When we first moved into our house in 1977, we had a ridiculously big ice storm. All the trees were weighed down from the crystal encompassing branches and whatever leaves were left on the trees. We lost power, and at some point we piled into our car and drove to my Grandmother’s house. She wasn’t too far, about twenty to thirty minutes, and I don’t recall how the roads were other than my usually wild anxiety of we shouldn’t be going out in this weather.
But Grandma had power and we didn’t and so we went to use her heat and to visit her and my uncle and my great-grandmother.It stayed in my mind, and after she moved and we continued to have bad winter weather over the years, I wondered where we would go to warm up when we inevitably lost power again.
Fast forward to the winter of 2008. It was our second year in our new house. The ice landed on the roof, froze, and got so heavy that it slid off onto our front stoop. We discovered that we could not use our front door throughout the winters. The danger of getting an ice concussion was too great. In fact, it was so heavy and fell so hard that it broke our wrought iron handrail, making it more or less useless.
We lost power early in the day, and everyone, including our three children, aged two, four, and eleven were bundled up as if we were going sledding or building a snowman.

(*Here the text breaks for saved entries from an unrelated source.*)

(* Be / K1 ~ A_4 is the central product of the images N ~ K2 and M of
   K2 and C_Be(K2); as A_4 is centerless so are N and M, and they meet
   trivially; since N <> 1 and centerless groups of order at most 4 are
   trivial, 12 = |N| |M| forces M = 1 and |K| = |N| = 12. *)
Lemma card_core : #|K| = 12.
Proof.
pose N := K2 / K1; pose M := 'C_Be(K2) / K1.
have nK1B := normal_norm nK1.
have sK2N1 : K2 \subset 'N(K1) := subset_trans (normal_sub nK2) nK1B.
have eNM : Be / K1 = N * M.
  by rewrite -quotientMl // cent_K2_supplement.
have cNM : N \subset 'C(M) by apply: morphim_cents; rewrite centsC subsetIr.
have ZNM : 'Z(N * M) = 1 by rewrite -eNM; exact: center_isog_Alt4 quotient_Be_isog.
have [tiNM ZN ZM] := centerless_central_product cNM ZNM.
have oN : #|N| = #|K|.
  by rewrite card_quotient // -indexgI setIC ti indexg1 oK2.
have oNM : (#|N| * #|M|)%N = 12.
  by rewrite -TI_cardMg // -eNM (card_isog quotient_Be_isog) card_Alt4.
have N5 : 4 < #|N|.
  by apply: centerless_card_ge5; rewrite // trivg_card1 oN -trivg_card1.
rewrite -oN; have [M1|ntM] := eqVneq M 1.
  by rewrite M1 cards1 muln1 in oNM.
by have := leq_mul N5 (centerless_card_ge5 ZM ntM); rewrite oNM.
Qed.

Lemma Be_dprod : K1 \x K2 = Be.
Proof.
rewrite dprodE ?ti 1?centsC //; apply/eqP.
rewrite eqEcard mul_subG ?normal_sub // TI_cardMg //.
by rewrite oK1 oK2 -fB card_injm // card_Bx card_core.
Qed.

We were sitting in our living room under the covers, waiting for the power to come back on.
We waited all day.
We waited most of the evening, and then, after much discussion and argument found out that there was a Red Cross shelter at the high school in the village near our town.
Despite the ice covering every conceivable surface, taking down trees and power lines, the roads were remarkably clear.They would be dry from the bright sunshine the next morning although we still would not have power.
We gathered the diaper bag, a fanny pack for my stuff, and found ourselves in a new situation, waiting in line at the shelter, signing in, getting supplies from the volunteers who didn’t know how their own homes were faring.
They were kind and managed to entertain the kids when I had reached my limit. It was the most stressful experience I think I’d ever had in my life. It was surreal. There were a few other kids there, but not many. My oldest son and middle guy went to the game room and played with them while my baby girl alternated from running around in circles, crying, and being the nuisance that new walkers do, but that seems so much worse when you’re stuck in a place.
When it was time to sleep, there were cots and pillows and blankets, but my daughter wouldn’t sleep. She cried, and I had to leave the gym to rock her to sleep even though she wouldn’t go to sleep. If I sat in a chair and rocked her, she stayed quiet for short bursts.
We stayed there for two nights and moved to a new shelter at a local college for most of the next night. We were able to go home. Our gas was working so we were able to take hot showers and change our clothes. We also cleared out our refridgerator, throwing all the food away. Our house was freezing but still not cold enough to keep the food sustained. We had just gone grocery shopping in anticpation of the storm and it was two weeks before Christmas. It was a trying time.
The little ones were given stuffed animals – Mickey Mouse’s to help them feel comfortable. They were also given Red Cross fleece blankets that we still have and pull out on those really cold nights.
The Red Cross people were amazing.
My friend started a collection and gave us a Walmart gift card for almost $450 to get groceries at their supermarket.
As difficult as that weekend was for all of us, it showed us what was important, and how kind and supportive our friends could be as well as the kindness of strangers who uprooted their lives to help all of us.
We see it with tornados in the Midwest, hurricanes in Florida, and winter storms in the northerrn states, but never did I expect to receive Red Cross aid in my own town.
I know that the Red Cross has its problems – all places do, but they are boots on the ground and they ask nothing in return for the victims of disaster. They kept me sane and kept my kids warm and fed when staying in our own house would not have.
In looking back, we knew we were lucky, but we were also blessed and I try to remember that when I see people struggling with everyday issues that are sometimes too much.